The "load" connections are usually under voltage protected, i.e. the load gets switched off if the voltage drops too low.

However, there is no need to connect anything to them. As you said, everything is already wired in on the motorhome side, and it might be a bit of a hassle (and potentially too high a drain if you were to switch a lot of users on at the same time) to have it go through the solar regulator.

I just left them unconnected.

Pieter


----------



## Pudsey_Bear (Sep 25, 2008)

I'd still love someone to say just what if anything they are useful for, (what do you have connected to yours???) I'd like any power coming from the panel to go straight to the battery, then when it/they (not sure if the engine battery will get charged or not yet) are charged up to the brim, I might (but doubt it) have some left over to run an egg timer.

Kev.


----------



## arh (Dec 8, 2007)

All the info that I've read on the subject (which is quite a lot as I am in the process of fitting a 220amh battery and extra S/panel to ring the watts up to 170) says "ignore these terminals if fitting to a M/home or similar, they are for static use"


----------



## Pudsey_Bear (Sep 25, 2008)

Hmm, not heard of the before, not mentioned in my instruction leaflet either, (not that it in any Engleish i ever spake)


Kev.


----------



## pieterv (Feb 3, 2009)

The load terminals are not just for any "left over" charge from the solar panel. They will draw from the battery if needed (i.e. load bigger than what solar panel can supply). Only extra they offer is that they will disconnect the load if the battery voltage drops too low to protect the battery from deep discharge.


----------



## madontour (May 19, 2008)

hello again

My regulator is a Stecca 10 amp - which i think is reasonably common.

The "load" is turned on when it goes dark (ie = no output from the solar panel). I have an outside light connected to the load which I turn on if we go out and expect to be back late. The solar regulator then turns the light on when it gets dark ready for when we get back.

Mike


----------



## pieterv (Feb 3, 2009)

Hi Mike

That is another kind of use of the load terminals than what I have come accross, so indeed gives you another option. So just a matter of checking the spec of the regulator to see what its load terminals do, I suppose.


----------



## Pudsey_Bear (Sep 25, 2008)

It does seem to be a bit of a redundant connection, I can see the use for the outside light, except it would only help to remove some of the charge you got the panel for in the first place.

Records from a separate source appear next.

Lemma sum_norm_dvisB rho pi pi' :
  is_dist rho -> is_policy pi -> is_policy pi' ->
  \sum_s `|dvis rho pi s - dvis rho pi' s| <=
  gamma / (1 - gamma) * \sum_s dvis rho pi' s * \sum_a `|pi s a - pi' s a|.
Proof.
move=> rho_dist pi_policy pi'_policy.
set E := \sum_s _; set T := \sum_s _.
have dvisB s' : dvis rho pi s' - dvis rho pi' s' =
    gamma * \sum_s ptrans p pi s s' * (dvis rho pi s - dvis rho pi' s) +
    gamma * \sum_s ptrans p (fun s a => pi s a - pi' s a) s s' * dvis rho pi' s.
  rewrite [dvis rho pi s'](dvis_bellman _ rho_dist pi_policy).
  rewrite [dvis rho pi' s'](dvis_bellman _ rho_dist pi'_policy).
  transitivity (gamma * \sum_s (ptrans p pi s s' * dvis rho pi s -
      ptrans p pi' s s' * dvis rho pi' s)); first by rewrite sumrB; ring.
  rewrite -mulrDr -big_split /=; congr (_ * _); apply: eq_bigr => s _.
  by rewrite ptransB; ring.
have E_le : E <= gamma * E + gamma * T.
  apply: (@le_trans _ _ (\sum_s' (gamma * `|\sum_s ptrans p pi s s' *
      (dvis rho pi s - dvis rho pi' s)| + gamma * `|\sum_s ptrans p
      (fun s a => pi s a - pi' s a) s s' * dvis rho pi' s|))).
    apply: ler_sum => s' _; rewrite dvisB; apply: le_trans (ler_normD _ _) _.
    by rewrite !normrM ger0_norm.
  rewrite big_split /= -!mulr_sumr lerD // ler_wpM2l //.
    apply: le_trans (l1_ptrans_le p_kernel _ _) _; apply: ler_sum => s _.
    rewrite (eq_bigr _ (fun a _ => ger0_norm ((pi_policy s).1 a))).
    by rewrite (pi_policy s).2 mul1r.
  apply: le_trans (l1_ptrans_le p_kernel _ _) _; apply: ler_sum => s _.
  by rewrite mulrC ger0_norm ?dvis_ge0.
by rewrite mulrAC ler_pdivlMr ?subr_gt0 // mulrBr mulr1 [E * gamma]mulrC; lra.
Qed.

End values.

Frank tried to explain it a while ago on another thread, but I didn't grasp it then either.

Kev.


----------



## Pudsey_Bear (Sep 25, 2008)

It's all fitted and working now, I came across no problems at all really, the worst parts was running the wires to the batteries, through the backs of cupboards, down behind the wall panels, I had to remove the sink bowl, and all the pipes to get access, that was a bitch to do, I wish I'd taken a photo of how the pipes ran, it took a full day to get it back in there again. once you know your wire and fuse sizes, it's mostly common sense, but needs several coats of looking at before you start to remove stuff for access, it took me best part of a morning to remove one panel, only to find it wouldn't do me any good, if possible, go straight down to the floor, and back up to the batteries.

The method I was going to use to mark the spot to drill down into the roof proved a bit off in actuallity, as the roof is fibreglass, and my 6 inch nail went right through it, with little or no effort at all, routing to the controller was easy, it was going to the batteries which was most difficult, but thats because I wanted a short wire run.

Kev.


----------



## Pudsey_Bear (Sep 25, 2008)

I meant just finished the Solar/regulator, not the battery inverter bit.

I have however now fitted the 35mm battery cables, I ended up managing to do it all in side the van, the only visible bits are the megafuse boxes 2 behind driver and 1 behind the passenger seats, I really didn't want to go through the floor, and use grommets, I just don't trust them to give adequate protection to the cable, I've used one on the -ve cable, as it makes no difference if it wears through and it makes it look a little tidier.

The floor over the transition from van to hab areas, was ripped out, (only way) and I had to make a new floor section, the concertina heater hose going under it was cut out and I put some 1 1/4 inch waste pipe in to allow the air across, it should in face work better as the original was almost flat anyway, this then gave me more than enough room to run the +ve & -ve cables, running the +ve was the trickiest as I needed to avoid any sharp edges, bending the bugger was fun too, but by far the worst bit was putting in the final fuse, but I must have done it properly, as I heard no fire engines during the night, no smell of any plastic melting.

So that part of the job is complete, I now have to save up for the 1100 watt inverter, I've already mounted the fuse box, I'll run the cable next week, then it'll just be a matter of whacking another great fuse in to make it all safe and sound.

If anyone wants to see pictures of mountings, just pm me your email address and I'll take some for you, I can do pics of the fuse box positions, the cable runs and where the batteries live.

Thanks again to Sargents for the cables.

Kev.


----------